Recipient: Visconti Filippo Maria 
Authors: Filelfo Francesco 
Language: Latino
Incipit: 
Philippum Mariam Anglum si dignis prosequi laudibus instituero
Explicit: 
nostra humana vita coniungere comitareque voluisti et serves incolumem et tuearis invictum
Place: Milano
Normalized date: 1446
Keywords: encomio
prosopografia
storia
Regesto: 
F. inizia la sua orazione dichiarandosi quasi non degno di aver avuto l'incarico di elogiare Filippo Maria Visconti, ma per obbedire all'ordine del Senato milanese ne tesserà le lodi. Egli si prefigge di lodare il Duca per i pregi dell'animo, del corpo e per le doti esteriori. 'In primis', F. elogia la patria e gli avi del Visconti, dichiarando la somiglianza di Filippo al padre Gian Galeazzo; secondariamente, ne loda la forza e la grandezza del corpo, poi la prudenza, i costumi, la temperanza e la fortezza. F. passa poi a ricordare alcuni episodi storici di cui il Visconti è stato protagonista: in particolare, egli parla degli scontri contro il Conte di Carmagnola, poi vinto dopo alcuni conflitti – F. ne ricorda anche la morte –, e dei contrasti contro il duca di Savoia Amedeo VIII e i marchesi d'Este e di Monferrato, i quali cessarono poi le ostilità contro il Visconti.
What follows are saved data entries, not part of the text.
(* twisted group algebra Q_W : sum_w q_w delta_w, stored as w |-> q_w *)
Definition QW := gT -> Q.
Definition qdelta (w : gT) (q : Q) : QW := fun u => if u == w then q else 0.
Definition qw_mul (a b : QW) : QW :=
  fun y => \sum_(u in W) a u * @qact _ _ D u (b (u^-1 * y)%g).
Definition qw_add (a b : QW) : QW := fun u => a u + b u.

Definition Yroot (a : 'rV[R]_n) : QW :=
  qw_add (qdelta 1 (@iota _ _ D (@x _ _ D (- a)))^-1) (qdelta (@sref _ _ D a) (@iota _ _ D (@x _ _ D a))^-1).
Definition Ysimple (i : 'I_n) : QW := Yroot (simple (Phi D) i).
Definition Yword (I : seq 'I_n) : QW := foldr (fun i acc => qw_mul (Ysimple i) acc) (qdelta 1 1) I.

(* elements of (+)_{v in W} Q, indexed by v in gT (only v in W matter) *)
Definition tupQ := gT -> Q.
(* Hecke action: q delta_w . (z_v) = (v(q) z_{vw})_v *)
Definition hecke (X : QW) (z : tupQ) : tupQ :=
  fun v => \sum_(w in W) @qact _ _ D v (X w) * z (v * w)%g.
Definition weyl (X : QW) (z : tupQ) : tupQ :=
  fun v => \sum_(w in W) X w * @qact _ _ D w (z (w^-1 * v)%g).
Definition tmul (y z : tupQ) : tupQ := fun v => y v * z v.
Definition tone : tupQ := fun _ => 1.

(* structure algebra Z, as a predicate on tuples of elements of S *)
Definition inZ (z : gT -> S D) : Prop :=
  forall w a, w \in W -> posroot (Phi D) a ->
    exists f : S D, z (@sref _ _ D a * w)%g - z w = @x _ _ D a * f.
Definition toQ (z : gT -> S D) : tupQ := fun v => @iota _ _ D (z v).

Definition xPi : S D := \prod_(b <- roots (Phi D) | negroot (Phi D) b) @x _ _ D b.
(* [e] and [v] = delta_v (.) [e] *)
Definition pt_e : tupQ := fun u => if u == 1%g then @iota _ _ D xPi else 0.
Definition pt (v : gT) : tupQ := weyl (qdelta v 1) pt_e.
Definition zeta (v : gT) (I : seq 'I_n) : tupQ := hecke (Yword (rev I)) (pt v).
Definition pushpi : QW := fun w => (@qact _ _ D w (@iota _ _ D xPi))^-1.
End Ops.

From Pilot Require Import Defs.
From HB Require Import structures.
From mathcomp Require Import all_boot all_order all_algebra all_fingroup.
From mathcomp Require Import reals boolp ring lra.
Import GRing.Theory Num.Theory Order.TTheory.
Local Open Scope ring_scope.
Set Implicit Arguments.
Unset Strict Implicit.

(* Every coordinate of pi • y is the localization sum push y = sum_w y_w / w(x_Pi),
   so both identities are statements about the form (a, b) |-> push (a b).  Each Y_i
   is self-adjoint for it: the weight 1/x_{alpha_i} attached to delta_{s_i} moves
   across because s_i fixes x_Pi x_{alpha_i} (it permutes the negative roots other
   than -alpha_i and swaps x_{-alpha_i} with x_{alpha_i}).  Hence Y_{I^-1} moves from
   [v] onto z, and [v], supported at v with value v(x_Pi), evaluates at v.
   For the weights to make sense every x_beta must be a unit of Q, i.e. every root
   must lie in Lambda; this is the classical descent of a positive root to a simple
   root along simple reflections with decreasing height, driven by a W-invariant
   inner product. *)

Section Pairing.
Variables (R : realType) (n : nat).
Implicit Types f l m : 'rV[R]_n.

Lemma pairingC f l : pairing f l = pairing l f.
Proof. by apply: eq_bigr => i _; rewrite mulrC. Qed.

Lemma pairingD f l m : pairing f (l + m) = pairing f l + pairing f m.
Proof. by rewrite /pairing -big_split; apply: eq_bigr => i _; rewrite mxE mulrDr. Qed.

Lemma pairingZ f c l : pairing f (c *: l) = c * pairing f l.
Proof. by rewrite /pairing mulr_sumr; apply: eq_bigr => i _; rewrite mxE mulrCA. Qed.

Lemma pairingN f l : pairing f (- l) = - pairing f l.
Proof. by rewrite -scaleN1r pairingZ mulN1r. Qed.

Lemma pairingB f l m : pairing f (l - m) = pairing f l - pairing f m.
Proof. by rewrite pairingD pairingN. Qed.

Lemma pairing_ge0 l : 0 <= pairing l l.
Proof. by apply: sumr_ge0 => i _; rewrite -expr2 sqr_ge0. Qed.

Lemma pairing_gt0 l : l != 0 -> 0 < pairing l l.
Proof.
move=> l0; have [i li0] : exists i, l 0 i != 0.
  case: (pickP (fun i => l 0 i != 0)) => [i|l_0]; first by exists i.
  by case/eqP: l0; apply/rowP => i; rewrite mxE; apply/eqP/negbFE/l_0.
rewrite /pairing (bigD1 i) //= ltr_wpDr ?sumr_ge0 // => [j _|].
  by rewrite -expr2 sqr_ge0.
by rewrite -expr2 lt_def sqrf_eq0 li0 sqr_ge0.
Qed.

End Pairing.

Section RootSystemTheory.
Variables (R : realType) (n : nat) (P : RootSystem R n).
Local Notation roots := (Defs.roots P).
Local Notation simple := (Defs.simple P).
Local Notation coord := (Defs.coord P).
Local Notation coroot := (Defs.coroot P).
Implicit Types (a b l m : 'rV[R]_n) (i j k : 'I_n).

Lemma crefl_linear a c l m :
  crefl P a (c *: l + m) = c *: crefl P a l + crefl P a m.
Proof. by rewrite /crefl /refl pairingD pairingZ; apply/rowP => i; rewrite !mxE; ring. Qed.

Lemma creflN a l : crefl P a (- l) = - crefl P a l.
Proof. by rewrite /crefl /refl pairingN; apply/rowP => i; rewrite !mxE; ring. Qed.

Lemma crefl_root a : a \in roots -> crefl P a a = - a.
Proof. by move=> Ra; rewrite /crefl /refl coroot_root // scaler_nat mulr2n opprD addNKr. Qed.

Lemma creflK a : a \in roots -> involutive (crefl P a).
Proof.
move=> Ra l; rewrite /crefl /refl pairingB pairingZ coroot_root //.
by apply/rowP => i; rewrite !mxE; ring.
Qed.

Lemma rootN a : a \in roots -> - a \in roots.
Proof. by move=> Ra; rewrite -crefl_root //; apply: refl_roots. Qed.

Lemma root_neq0 a : a \in roots -> a != 0.
Proof. by apply: contraTneq => ->; apply: roots_nz. Qed.

Lemma coord_comb (c : 'I_n -> R) j : coord (\sum_i c i *: simple i) j = c j.
Proof.
set l := \sum_i _; apply/eqP; rewrite -subr_eq0; apply/eqP.
apply: (@simple_free _ _ P (fun i => coord l i - c i)).
by under eq_bigr do rewrite scalerBl; rewrite sumrB -coordE subrr.
Qed.

Lemma coordBZ l p m j : coord (l - p *: m) j = coord l j - p * coord m j.
Proof.
rewrite -[RHS](coord_comb (fun i => coord l i - p * coord m i)).
rewrite {1}(coordE P l) {1}(coordE P m) scaler_sumr -sumrB.
by congr (coord _ j); apply: eq_bigr => i _; rewrite scalerBl scalerA.
Qed.

Lemma coord0 j : coord 0 j = 0.
Proof. by have := coordBZ 0 1 0 j; rewrite scale1r mul1r !subrr. Qed.

Lemma coordN l j : coord (- l) j = - coord l j.
Proof. by have := coordBZ 0 1 l j; rewrite sub0r scale1r mul1r coord0 sub0r. Qed.

Lemma simpleE i : simple i = \sum_j (j == i)%:R *: simple j.
Proof.
by rewrite (bigD1 i) //= big1 ?eqxx ?scale1r ?addr0 // => j /negbTE ->; rewrite scale0r.
Qed.

Lemma coord_simple i j : coord (simple i) j = (j == i)%:R.
Proof. by rewrite {1}simpleE coord_comb. Qed.

Lemma coord_crefl_simple i b k :
  coord (crefl P (simple i) b) k = coord b k - pairing (coroot (simple i)) b * (k == i)%:R.
Proof. by rewrite /crefl /refl coordBZ coord_simple. Qed.

Lemma posrootN a : posroot P a -> negroot P (- a).
Proof.
case/andP=> Ra /forallP a_ge0; rewrite /negroot rootN //= oppr_eq0 root_neq0 // andbT.
by apply/forallP => i; rewrite coordN oppr_le0.
Qed.

Lemma negrootN a : negroot P a -> posroot P (- a).
Proof.
case/andP=> /andP[Ra /forallP a_le0] _; rewrite /posroot rootN //=.
by apply/forallP => i; rewrite coordN oppr_ge0.
Qed.

Lemma posroot_or_negroot a : a \in roots -> posroot P a || negroot P a.
Proof. by move=> Ra; rewrite /posroot /negroot Ra root_neq0 //= andbT roots_sign. Qed.

Lemma posroot_coord_gt0 b k : b \in roots -> 0 < coord b k -> posroot P b.
Proof.
move=> Rb b_gt0; rewrite /posroot Rb /=.
by case/orP: (roots_sign Rb) => // /forallP/(_ k); rewrite leNgt b_gt0.
Qed.

Lemma negroot_coord_lt0 b k : b \in roots -> coord b k < 0 -> negroot P b.
Proof.
move=> Rb b_lt0; rewrite /negroot Rb root_neq0 // andbT /=.
by case/orP: (roots_sign Rb) => // /forallP/(_ k); rewrite leNgt b_lt0.
Qed.

Lemma posroot_simple i : posroot P (simple i).
Proof.
by rewrite /posroot simple_roots; apply/forallP => j; rewrite coord_simple ler0n.
Qed.

Lemma negroot_simple i : ~~ negroot P (simple i).
Proof. by apply/negP => /andP[/andP[_ /forallP/(_ i)]]; rewrite coord_simple eqxx ler10. Qed.

Lemma root_coord_off_simple b i : b \in roots -> b != simple i -> b != - simple i ->
  exists2 k, k != i & coord b k != 0.
Proof.
move=> Rb b_ne b_neN; case: (pickP (fun k => (k != i) && (coord b k != 0))).
  by move=> k /andP[]; exists k.
move=> b_off; have Eb : b = coord b i *: simple i.
  rewrite {1}(coordE P b) (bigD1 i) //= big1 ?addr0 // => k ki.
  by move: (b_off k); rewrite ki /= => /negbFE/eqP ->; rewrite scale0r.
case: (roots_reduced (simple_roots P i) Rb Eb) => c1.
  by rewrite Eb c1 scale1r eqxx in b_ne.
by rewrite Eb c1 scaleN1r eqxx in b_neN.
Qed.

Lemma negroot_crefl_simple i b : negroot P b -> b != - simple i ->
  negroot P (crefl P (simple i) b) && (crefl P (simple i) b != - simple i).
Proof.
move=> Nb b_neN; have Rb : b \in roots by case/andP: Nb => /andP[].
have Ri := simple_roots P i.
have b_ne : b != simple i by apply: contraNneq (negroot_simple i) => <-.
have [k ki bk0] := root_coord_off_simple Rb b_ne b_neN.
have bk_lt0 : coord b k < 0.
  by case/andP: Nb => /andP[_ /forallP/(_ k)]; rewrite le_eqVlt (negbTE bk0).
apply/andP; split.
  apply: (negroot_coord_lt0 (k := k)); first exact: refl_roots.
  by rewrite coord_crefl_simple (negbTE ki) mulr0 subr0.
apply: contraNneq (negroot_simple i) => sb.
suff -> : simple i = b by [].
by rewrite -(creflK Ri b) sb creflN crefl_root // opprK.
Qed.

Lemma perm_negroots_crefl_simple i :
  perm_eq (map (crefl P (simple i)) [seq b <- roots | negroot P b & b != - simple i])
          [seq b <- roots | negroot P b & b != - simple i].
Proof.
set N := [seq b <- _ | _]; have Ri := simple_roots P i.
have uN : uniq N by rewrite filter_uniq // roots_uniq.
have sN b : b \in N -> crefl P (simple i) b \in N.
  rewrite !mem_filter => /andP[/andP[Nb b_ne] Rb].
  by rewrite negroot_crefl_simple // refl_roots.
apply: uniq_perm => //; first by rewrite map_inj_uniq //; apply: can_inj (creflK Ri).
move=> b; apply/mapP/idP => [[c Nc ->]|Nb]; first exact: sN.
by exists (crefl P (simple i) b); rewrite ?creflK ?sN.
Qed.

Definition height l : R := \sum_i coord l i.

Lemma height_crefl_simple i b :
  height (crefl P (simple i) b) = height b - pairing (coroot (simple i)) b.
Proof.
have sum_delta : \sum_k ((k == i)%:R : R) = 1.
  by rewrite (bigD1 i) //= big1 ?eqxx ?addr0 // => k /negbTE ->.
rewrite /height; under eq_bigr do rewrite coord_crefl_simple.
by rewrite sumrB -mulr_sumr sum_delta mulr1.
Qed.

Lemma coefO_pairing a b : a \in roots -> b \in roots -> coefO P (pairing (coroot a) b).
Proof. by move=> Ra Rb T _; apply. Qed.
L'autore rievoca in seguito il recupero degli antichi domini (Genova e la Liguria) per il ducato milanese, lodando anche la giustizia del Visconti – altra sua dote – nei confronti degli sconfitti, qualità, insieme a quella della magnanimità, che userà anche nei riguardi di Alfonso V d'Aragona in seguito agli scontri in Campania e in Liguria: infatti, dopo aver riportato un'altra vittoria, il Visconti fece prigioniero Alfonso insieme ai suoi alleati, ma lo trattò con clemenza. La stessa magnanimità Filippo Maria impiegò anche nei confronti degli altri nobili sconfitti sui campi di battaglia nell'Italia del centro-Nord: tra questi, Carlo Malatesta fu vinto a Zagonara, Ludovico Migliorati a Brescia, il Conte di Urbino presso Lucca. Terminando l'elogio delle virtù e delle imprese del Visconti, F. ricorda lo stato di miseria in cui versava il Ducato di Milano dopo la morte di Gian Galeazzo, che fu poi risollevato da Filippo Maria grazie alla sua opera. A conclusione dell'orazione, l'autore invoca la protezione di Dio sul Duca di Milano.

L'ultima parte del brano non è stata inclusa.